PxPixel
Kicking the DTV Tires - Broadcasting & Cable

Kicking the DTV Tires

Author:
Publish date:

It isn’t just members of Congress and the Barack Obama transition team who are keeping a keen eye on the DTV transition.

I have it on good authority that Japanese broadcaster NHK will be sending someone to the U.S. in February to see how the DTV transition is effected over here..

They are plainning to put together a report, checking in with broadcasters, the FCC, NTIA, NAB and consumer electronics stores.

That is because Japan is making its own transition to digital July 24, 2011.

There is some irony, or is it karma, in Japan looking to us for guidance on the transition to clearer TV pictures. It was almost the other way around.

NHK had an early ananlog HDTV system that might well have been the U.S. standard had digital not come along at exactly the right time. The FCC was under some pressure to go with an analog-sideband HD system (broadcasters would have had to supplement their existing spectrum allocations with extra bandwidth to accommodate all that picture information). Analog was the only game in town–in the mid-to-late 1990’s and there was pressure not too lag behind the Japanese as they made their way toward analog HD. 

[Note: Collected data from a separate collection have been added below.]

Lemma grid_blocks_bounds p : grid_blocks p ->
  0 <= p.1 /\ p.1 < p.2 /\ p.2 <= n%:R * d.
Proof.
move=> [k kn ->] /=; split; first by rewrite mulr_ge0 // ltW.
by rewrite ltr_pM2r // ler_pM2r // ltr_nat ler_nat.
Qed.

Lemma grid_blocks_disj p q : grid_blocks p -> grid_blocks q -> p <> q ->
  oint p `&` oint q = set0.
Proof.
move=> [k kn ->] [j jn ->] neq; apply/seteqP; split=> // x [].
move=> /ointP/andP[kx xk] /ointP/andP[jx xj]; apply: neq.
have := lt_trans kx xj; have := lt_trans jx xk; rewrite !ltr_pM2r // !ltr_nat !ltnS.
by move=> jk kj; have -> : k = j by apply/eqP; rewrite eqn_leq kj jk.
Qed.

(* The uncovered points are grid points. *)
Lemma grid_blocks_cover : (@lebesgue_measure R).-negligible
  (`[0, n%:R * d]%classic `\` \bigcup_(p in grid_blocks) oint p).
Proof.
apply: (negligibleS (mu := @lebesgue_measure R) (A := \bigcup_k [set k%:R * d])).
  move=> x [/= + nx]; rewrite in_itv /= => hx.
  have [k kn [->|/andP[kx xk]]] := grid_point hx; first by exists k.
  case: nx; exists (k%:R * d, k.+1%:R * d); last exact/ointP/andP.
  exists k => //; rewrite -(ltr_nat R) -(ltr_pM2r d_gt0).
  by case/andP: hx => _; exact: lt_le_trans kx.
apply: negligible_bigcup => k.
by apply/negligibleP; [exact: measurable_set1 | exact: lebesgue_measure_set1].
Qed.

Definition grid : IP R :=
  mkIP grid_ipL_ge0 grid_blocks_bounds grid_blocks_disj grid_blocks_cover.

Lemma grid_blen p : blocks grid p -> blen p = d.
Proof. by move=> [k _ ->]; rewrite /blen /= mulrSr mulrDl mul1r addrAC subrr add0r. Qed.

Lemma grid_Cset k : (k <= n)%N -> Cset grid (k%:R * d).
Proof.
move=> kn; apply/CsetP; split.
  by rewrite (mulr_ge0 _ (ltW d_gt0)) //= ler_pM2r // ler_nat.
move=> p [j jn ->] /ointP/andP[/=]; rewrite !ltr_pM2r // !ltr_nat ltnS => jk kj.
by move: (leq_trans jk kj); rewrite ltnn.
Qed.

Lemma grid_Cset_near x :
  0 <= x <= n%:R * d -> exists2 y, Cset grid y & `|x - y| <= d.
Proof.
move=> /grid_point[k kn hk]; exists (k%:R * d); first exact: grid_Cset.
case: hk => [->|/andP[kx]]; first by rewrite subrr normr0 ltW.
by rewrite mulrSr mulrDl mul1r ler_norml => xk; apply/andP; split; lra.
Qed.

Lemma grid_diverse alpha : 0 < alpha -> diverse alpha grid.
Proof. by move=> a0; apply: (diverse_of_blen_ge a0 d_gt0) => p /grid_blen ->. Qed.

End Grid.

Section TwoGrids.
Variables (R : realType) (d : R) (m : nat).
Hypothesis d_gt0 : 0 < d.
(* Follows from [d_gt0]; it is the positivity proof the coarse grid is built with. *)
Hypothesis d2_gt0 : 0 < 2 * d.

Local Notation fine := (grid d_gt0 (2 * m)).
Local Notation coarse := (grid d2_gt0 m).

Lemma ipL_fine_coarse : ipL fine = ipL coarse.
Proof. by rewrite /= natrM; ring. Qed.

Lemma dH_fine_coarse_le : dH fine coarse <= 2 * d.
Proof.
apply: dH_le => [x /Cset_bounds hx | y /Cset_bounds hy].
  by rewrite ipL_fine_coarse in hx; exact: grid_Cset_near hx.
rewrite -ipL_fine_coarse in hy; have [x Cx hxy] := grid_Cset_near d_gt0 hy.
by exists x => //; rewrite distrC (le_trans hxy) // -{1}(mul1r d) ler_pM2r // ler1n.
Qed.

Lemma dis2_fine_coarse_ge s : correspondence fine coarse s ->
  m%:R * d <= dis2 coarse s.
Proof.
move=> hc; have [hs _] := hc.
have e1 : dis_sum s = (size s)%:R * d.
  rewrite /dis_sum -sumr_const_seq big_seq [RHS]big_seq.
  apply: eq_bigr => j /hs[/grid_blen -> /grid_blen ->].
  by rewrite (_ : d - 2 * d = - d) ?normrN ?gtr0_norm //; ring.
have e2 : \sum_(j <- s) blen j.2 = (size s)%:R * (2 * d).
  rewrite -sumr_const_seq big_seq [RHS]big_seq.
  by apply: eq_bigr => j /hs[_ /grid_blen ->].
have := sum_blen_snd_le hc; rewrite /dis2 e1 e2 /= !(mulrCA _ 2 d) => ?; lra.
Qed.

Lemma dalpha_fine_coarse_ge alpha : m%:R * d <= dalpha alpha fine coarse.
Proof.
apply: lb_le_inf; first exact: correspondence_nonempty.
move=> _ [s hc <-]; apply: le_trans (hdis_le_adis _ _ _ _).
by apply: le_trans (dis2_fine_coarse_ge hc) _; rewrite /hdis le_max lexx orbT.
Qed.

End TwoGrids.

Lemma exists_dH_small_dalpha_large (R : realType) (alpha eps : R) :
  0 < alpha -> 0 < eps ->
  exists b g : IP R, diverse alpha b /\ diverse alpha g /\
    dH b g < eps /\ dalpha alpha b g > 1 / eps.
Proof.
move=> a0 e0; have d0 : 0 < eps / 4 by rewrite divr_gt0.
have d20 : 0 < 2 * (eps / 4) by rewrite mulr_gt0.
set m := Num.bound (1 / (eps * (eps / 4))).
have hm : 1 / (eps * (eps / 4)) < m%:R.
  by apply: archi_boundP; rewrite ltW // divr_gt0 ?mulr_gt0.
exists (grid d0 (2 * m)), (grid d20 m); split; first exact: grid_diverse.
split; first exact: grid_diverse.
split; first by apply: le_lt_trans (dH_fine_coarse_le _ _ _) _; lra.
apply: lt_le_trans (dalpha_fine_coarse_ge _ _ _ _).
by rewrite -ltr_pdivrMr // -mulrA -invfM.
Qed.

Theorem proposition3p5 (R : realType) (alpha : R) (halpha : 0 < alpha < 1) :
  (forall eps : R, 0 < eps ->
     exists b g : IP R, diverse alpha b /\ diverse alpha g /\
       dH b g < eps /\ dalpha alpha b g > 1 / eps) /\
  (forall b g : IP R, diverse alpha b -> diverse alpha g ->
       dH' b g <= dalpha alpha b g) /\
  (forall U : set (IP R), metric_open (@dH R) U <-> metric_open (@dH' R) U).
Proof.
have /andP[a0 _] := halpha.
split; first by move=> eps; exact: exists_dH_small_dalpha_large.
split; first by move=> b g _ _; exact: dH'_le_dalpha.
exact: metric_open_dH_dH'.
Qed.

But in 1990, an HD industry advisory committee headed by Dick Wiley (yes, that Dick Wiley), was vetting various analog systems, including NHK’s, when a proposal for a newfangled digital transmission sytem from General Instrument got in just under the wire.

While NHK’s system produced beautiful pictures, it was analog, and bandwidth-hungry to boot. Wiley and company went with the elegance of the digital system, which was much more bandwidth friendly, but NHK’s MUSE system was too far along, so Japan stuck with analog for its HD.

Let’s hope the NHK report is headlined by the success of the transition, though it will take government action and broadcaster vigilance and a little viewer patience, rather than hope, to insure that will be the lead on their story of  the Feb. 17, 2009, transition.